TASK:
The response must consist of all the entries, duplicated without alteration.

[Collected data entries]

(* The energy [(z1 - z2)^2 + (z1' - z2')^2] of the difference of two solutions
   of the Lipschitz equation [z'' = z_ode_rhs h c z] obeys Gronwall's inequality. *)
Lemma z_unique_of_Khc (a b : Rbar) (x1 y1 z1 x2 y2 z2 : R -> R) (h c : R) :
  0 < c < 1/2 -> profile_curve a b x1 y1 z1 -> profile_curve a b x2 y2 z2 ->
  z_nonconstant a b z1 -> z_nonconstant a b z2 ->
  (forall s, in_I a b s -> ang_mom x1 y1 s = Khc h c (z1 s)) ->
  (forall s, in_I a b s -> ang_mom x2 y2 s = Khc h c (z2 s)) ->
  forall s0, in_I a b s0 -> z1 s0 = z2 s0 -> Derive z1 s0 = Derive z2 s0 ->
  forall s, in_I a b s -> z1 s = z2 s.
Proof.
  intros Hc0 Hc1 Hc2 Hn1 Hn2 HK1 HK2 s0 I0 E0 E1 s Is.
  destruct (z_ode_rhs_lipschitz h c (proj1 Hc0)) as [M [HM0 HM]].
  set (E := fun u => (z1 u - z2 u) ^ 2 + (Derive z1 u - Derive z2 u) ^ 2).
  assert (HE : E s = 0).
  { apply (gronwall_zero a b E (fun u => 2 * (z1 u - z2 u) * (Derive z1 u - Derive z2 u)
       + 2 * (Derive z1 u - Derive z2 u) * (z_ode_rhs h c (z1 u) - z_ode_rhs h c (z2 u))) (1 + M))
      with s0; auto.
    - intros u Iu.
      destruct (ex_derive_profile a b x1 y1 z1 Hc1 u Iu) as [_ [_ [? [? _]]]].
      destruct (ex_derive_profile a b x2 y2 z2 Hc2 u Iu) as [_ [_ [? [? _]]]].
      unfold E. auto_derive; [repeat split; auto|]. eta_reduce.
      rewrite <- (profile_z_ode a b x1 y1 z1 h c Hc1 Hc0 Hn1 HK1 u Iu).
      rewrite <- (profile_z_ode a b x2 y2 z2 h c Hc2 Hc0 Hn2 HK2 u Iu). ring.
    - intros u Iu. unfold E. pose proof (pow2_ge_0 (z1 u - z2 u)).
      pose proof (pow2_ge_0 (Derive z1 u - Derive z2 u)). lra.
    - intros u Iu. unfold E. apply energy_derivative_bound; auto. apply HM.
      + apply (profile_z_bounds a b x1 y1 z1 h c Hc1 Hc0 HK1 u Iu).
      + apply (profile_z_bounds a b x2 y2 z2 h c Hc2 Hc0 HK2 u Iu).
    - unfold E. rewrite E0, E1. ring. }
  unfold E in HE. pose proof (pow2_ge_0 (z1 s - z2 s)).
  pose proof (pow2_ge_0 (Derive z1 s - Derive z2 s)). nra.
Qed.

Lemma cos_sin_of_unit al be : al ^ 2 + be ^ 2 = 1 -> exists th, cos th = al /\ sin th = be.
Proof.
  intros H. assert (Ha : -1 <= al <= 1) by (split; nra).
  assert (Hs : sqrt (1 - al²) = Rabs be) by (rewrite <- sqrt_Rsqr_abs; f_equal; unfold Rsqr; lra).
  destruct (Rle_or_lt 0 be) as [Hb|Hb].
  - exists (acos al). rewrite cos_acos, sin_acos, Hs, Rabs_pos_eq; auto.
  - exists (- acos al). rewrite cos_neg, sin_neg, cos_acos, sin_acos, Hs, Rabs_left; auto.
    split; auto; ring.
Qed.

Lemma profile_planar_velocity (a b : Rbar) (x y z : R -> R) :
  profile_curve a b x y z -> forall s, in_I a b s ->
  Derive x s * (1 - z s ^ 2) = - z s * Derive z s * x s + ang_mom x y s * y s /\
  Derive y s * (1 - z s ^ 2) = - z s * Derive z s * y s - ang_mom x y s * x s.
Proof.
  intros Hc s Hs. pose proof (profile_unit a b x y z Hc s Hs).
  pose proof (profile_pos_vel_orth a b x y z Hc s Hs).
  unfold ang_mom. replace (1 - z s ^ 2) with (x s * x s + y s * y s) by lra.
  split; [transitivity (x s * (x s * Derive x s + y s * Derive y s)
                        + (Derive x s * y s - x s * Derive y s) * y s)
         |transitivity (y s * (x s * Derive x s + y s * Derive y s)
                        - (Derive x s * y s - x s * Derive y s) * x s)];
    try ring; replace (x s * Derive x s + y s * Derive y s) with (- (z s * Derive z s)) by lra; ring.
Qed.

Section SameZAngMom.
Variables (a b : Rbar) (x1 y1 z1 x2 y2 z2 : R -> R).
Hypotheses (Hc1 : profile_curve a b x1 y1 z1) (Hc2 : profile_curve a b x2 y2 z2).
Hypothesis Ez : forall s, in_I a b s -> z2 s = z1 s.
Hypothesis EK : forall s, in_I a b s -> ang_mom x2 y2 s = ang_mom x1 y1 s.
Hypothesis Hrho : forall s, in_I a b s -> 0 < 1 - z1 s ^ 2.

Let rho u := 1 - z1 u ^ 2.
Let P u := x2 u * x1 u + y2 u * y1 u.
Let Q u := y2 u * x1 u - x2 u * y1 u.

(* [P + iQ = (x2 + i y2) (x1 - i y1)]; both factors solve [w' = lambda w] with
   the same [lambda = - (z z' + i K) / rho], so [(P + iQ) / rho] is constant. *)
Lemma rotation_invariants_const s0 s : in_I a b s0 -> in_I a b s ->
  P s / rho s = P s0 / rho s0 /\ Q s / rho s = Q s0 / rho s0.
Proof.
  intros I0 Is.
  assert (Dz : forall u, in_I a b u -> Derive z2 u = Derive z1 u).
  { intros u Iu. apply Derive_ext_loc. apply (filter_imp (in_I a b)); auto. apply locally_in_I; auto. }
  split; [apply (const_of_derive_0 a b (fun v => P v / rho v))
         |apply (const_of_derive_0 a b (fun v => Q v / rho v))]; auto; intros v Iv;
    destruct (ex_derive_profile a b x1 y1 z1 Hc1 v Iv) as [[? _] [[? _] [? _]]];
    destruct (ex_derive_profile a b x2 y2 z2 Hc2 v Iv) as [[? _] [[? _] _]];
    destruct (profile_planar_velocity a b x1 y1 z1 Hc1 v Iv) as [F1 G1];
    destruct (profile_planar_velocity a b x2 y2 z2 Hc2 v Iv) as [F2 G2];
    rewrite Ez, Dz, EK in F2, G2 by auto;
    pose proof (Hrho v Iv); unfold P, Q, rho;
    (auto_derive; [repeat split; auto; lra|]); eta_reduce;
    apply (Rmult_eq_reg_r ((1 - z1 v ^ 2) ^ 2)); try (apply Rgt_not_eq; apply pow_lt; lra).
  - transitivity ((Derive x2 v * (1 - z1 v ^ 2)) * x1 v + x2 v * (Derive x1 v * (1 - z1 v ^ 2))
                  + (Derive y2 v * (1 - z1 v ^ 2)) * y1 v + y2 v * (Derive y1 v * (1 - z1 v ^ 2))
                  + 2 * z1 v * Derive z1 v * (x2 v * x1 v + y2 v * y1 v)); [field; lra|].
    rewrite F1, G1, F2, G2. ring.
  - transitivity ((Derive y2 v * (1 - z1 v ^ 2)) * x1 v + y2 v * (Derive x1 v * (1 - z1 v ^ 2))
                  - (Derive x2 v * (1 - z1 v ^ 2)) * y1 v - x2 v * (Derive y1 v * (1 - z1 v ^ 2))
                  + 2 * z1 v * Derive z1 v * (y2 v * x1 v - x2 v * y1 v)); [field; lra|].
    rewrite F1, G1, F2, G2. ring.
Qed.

RESPONSE BOX:
(* The energy [(z1 - z2)^2 + (z1' - z2')^2] of the difference of two solutions
   of the Lipschitz equation [z'' = z_ode_rhs h c z] obeys Gronwall's inequality. *)
Lemma z_unique_of_Khc (a b : Rbar) (x1 y1 z1 x2 y2 z2 : R -> R) (h c : R) :
  0 < c < 1/2 -> profile_curve a b x1 y1 z1 -> profile_curve a b x2 y2 z2 ->
  z_nonconstant a b z1 -> z_nonconstant a b z2 ->
  (forall s, in_I a b s -> ang_mom x1 y1 s = Khc h c (z1 s)) ->
  (forall s, in_I a b s -> ang_mom x2 y2 s = Khc h c (z2 s)) ->
  forall s0, in_I a b s0 -> z1 s0 = z2 s0 -> Derive z1 s0 = Derive z2 s0 ->
  forall s, in_I a b s -> z1 s = z2 s.
Proof.
  intros Hc0 Hc1 Hc2 Hn1 Hn2 HK1 HK2 s0 I0 E0 E1 s Is.
  destruct (z_ode_rhs_lipschitz h c (proj1 Hc0)) as [M [HM0 HM]].
  set (E := fun u => (z1 u - z2 u) ^ 2 + (Derive z1 u - Derive z2 u) ^ 2).
  assert (HE : E s = 0).
  { apply (gronwall_zero a b E (fun u => 2 * (z1 u - z2 u) * (Derive z1 u - Derive z2 u)
       + 2 * (Derive z1 u - Derive z2 u) * (z_ode_rhs h c (z1 u) - z_ode_rhs h c (z2 u))) (1 + M))
      with s0; auto.
    - intros u Iu.
      destruct (ex_derive_profile a b x1 y1 z1 Hc1 u Iu) as [_ [_ [? [? _]]]].
      destruct (ex_derive_profile a b x2 y2 z2 Hc2 u Iu) as [_ [_ [? [? _]]]].
      unfold E. auto_derive; [repeat split; auto|]. eta_reduce.
      rewrite <- (profile_z_ode a b x1 y1 z1 h c Hc1 Hc0 Hn1 HK1 u Iu).
      rewrite <- (profile_z_ode a b x2 y2 z2 h c Hc2 Hc0 Hn2 HK2 u Iu). ring.
    - intros u Iu. unfold E. pose proof (pow2_ge_0 (z1 u - z2 u)).
      pose proof (pow2_ge_0 (Derive z1 u - Derive z2 u)). lra.
    - intros u Iu. unfold E. apply energy_derivative_bound; auto. apply HM.
      + apply (profile_z_bounds a b x1 y1 z1 h c Hc1 Hc0 HK1 u Iu).
      + apply (profile_z_bounds a b x2 y2 z2 h c Hc2 Hc0 HK2 u Iu).
    - unfold E. rewrite E0, E1. ring. }
  unfold E in HE. pose proof (pow2_ge_0 (z1 s - z2 s)).
  pose proof (pow2_ge_0 (Derive z1 s - Derive z2 s)). nra.
Qed.

Lemma cos_sin_of_unit al be : al ^ 2 + be ^ 2 = 1 -> exists th, cos th = al /\ sin th = be.
Proof.
  intros H. assert (Ha : -1 <= al <= 1) by (split; nra).
  assert (Hs : sqrt (1 - al²) = Rabs be) by (rewrite <- sqrt_Rsqr_abs; f_equal; unfold Rsqr; lra).
  destruct (Rle_or_lt 0 be) as [Hb|Hb].
  - exists (acos al). rewrite cos_acos, sin_acos, Hs, Rabs_pos_eq; auto.
  - exists (- acos al). rewrite cos_neg, sin_neg, cos_acos, sin_acos, Hs, Rabs_left; auto.
    split; auto; ring.
Qed.

Lemma profile_planar_velocity (a b : Rbar) (x y z : R -> R) :
  profile_curve a b x y z -> forall s, in_I a b s ->
  Derive x s * (1 - z s ^ 2) = - z s * Derive z s * x s + ang_mom x y s * y s /\
  Derive y s * (1 - z s ^ 2) = - z s * Derive z s * y s - ang_mom x y s * x s.
Proof.
  intros Hc s Hs. pose proof (profile_unit a b x y z Hc s Hs).
  pose proof (profile_pos_vel_orth a b x y z Hc s Hs).
  unfold ang_mom. replace (1 - z s ^ 2) with (x s * x s + y s * y s) by lra.
  split; [transitivity (x s * (x s * Derive x s + y s * Derive y s)
                        + (Derive x s * y s - x s * Derive y s) * y s)
         |transitivity (y s * (x s * Derive x s + y s * Derive y s)
                        - (Derive x s * y s - x s * Derive y s) * x s)];
    try ring; replace (x s * Derive x s + y s * Derive y s) with (- (z s * Derive z s)) by lra; ring.
Qed.

Section SameZAngMom.
Variables (a b : Rbar) (x1 y1 z1 x2 y2 z2 : R -> R).
Hypotheses (Hc1 : profile_curve a b x1 y1 z1) (Hc2 : profile_curve a b x2 y2 z2).
Hypothesis Ez : forall s, in_I a b s -> z2 s = z1 s.
Hypothesis EK : forall s, in_I a b s -> ang_mom x2 y2 s = ang_mom x1 y1 s.
Hypothesis Hrho : forall s, in_I a b s -> 0 < 1 - z1 s ^ 2.

Let rho u := 1 - z1 u ^ 2.
Let P u := x2 u * x1 u + y2 u * y1 u.
Let Q u := y2 u * x1 u - x2 u * y1 u.

(* [P + iQ = (x2 + i y2) (x1 - i y1)]; both factors solve [w' = lambda w] with
   the same [lambda = - (z z' + i K) / rho], so [(P + iQ) / rho] is constant. *)
Lemma rotation_invariants_const s0 s : in_I a b s0 -> in_I a b s ->
  P s / rho s = P s0 / rho s0 /\ Q s / rho s = Q s0 / rho s0.
Proof.
  intros I0 Is.
  assert (Dz : forall u, in_I a b u -> Derive z2 u = Derive z1 u).
  { intros u Iu. apply Derive_ext_loc. apply (filter_imp (in_I a b)); auto. apply locally_in_I; auto. }
  split; [apply (const_of_derive_0 a b (fun v => P v / rho v))
         |apply (const_of_derive_0 a b (fun v => Q v / rho v))]; auto; intros v Iv;
    destruct (ex_derive_profile a b x1 y1 z1 Hc1 v Iv) as [[? _] [[? _] [? _]]];
    destruct (ex_derive_profile a b x2 y2 z2 Hc2 v Iv) as [[? _] [[? _] _]];
    destruct (profile_planar_velocity a b x1 y1 z1 Hc1 v Iv) as [F1 G1];
    destruct (profile_planar_velocity a b x2 y2 z2 Hc2 v Iv) as [F2 G2];
    rewrite Ez, Dz, EK in F2, G2 by auto;
    pose proof (Hrho v Iv); unfold P, Q, rho;
    (auto_derive; [repeat split; auto; lra|]); eta_reduce;
    apply (Rmult_eq_reg_r ((1 - z1 v ^ 2) ^ 2)); try (apply Rgt_not_eq; apply pow_lt; lra).
  - transitivity ((Derive x2 v * (1 - z1 v ^ 2)) * x1 v + x2 v * (Derive x1 v * (1 - z1 v ^ 2))
                  + (Derive y2 v * (1 - z1 v ^ 2)) * y1 v + y2 v * (Derive y1 v * (1 - z1 v ^ 2))
                  + 2 * z1 v * Derive z1 v * (x2 v * x1 v + y2 v * y1 v)); [field; lra|].
    rewrite F1, G1, F2, G2. ring.
  - transitivity ((Derive y2 v * (1 - z1 v ^ 2)) * x1 v + y2 v * (Derive x1 v * (1 - z1 v ^ 2))
                  - (Derive x2 v * (1 - z1 v ^ 2)) * y1 v - x2 v * (Derive y1 v * (1 - z1 v ^ 2))
                  + 2 * z1 v * Derive z1 v * (y2 v * x1 v - x2 v * y1 v)); [field; lra|].
    rewrite F1, G1, F2, G2. ring.
Qed.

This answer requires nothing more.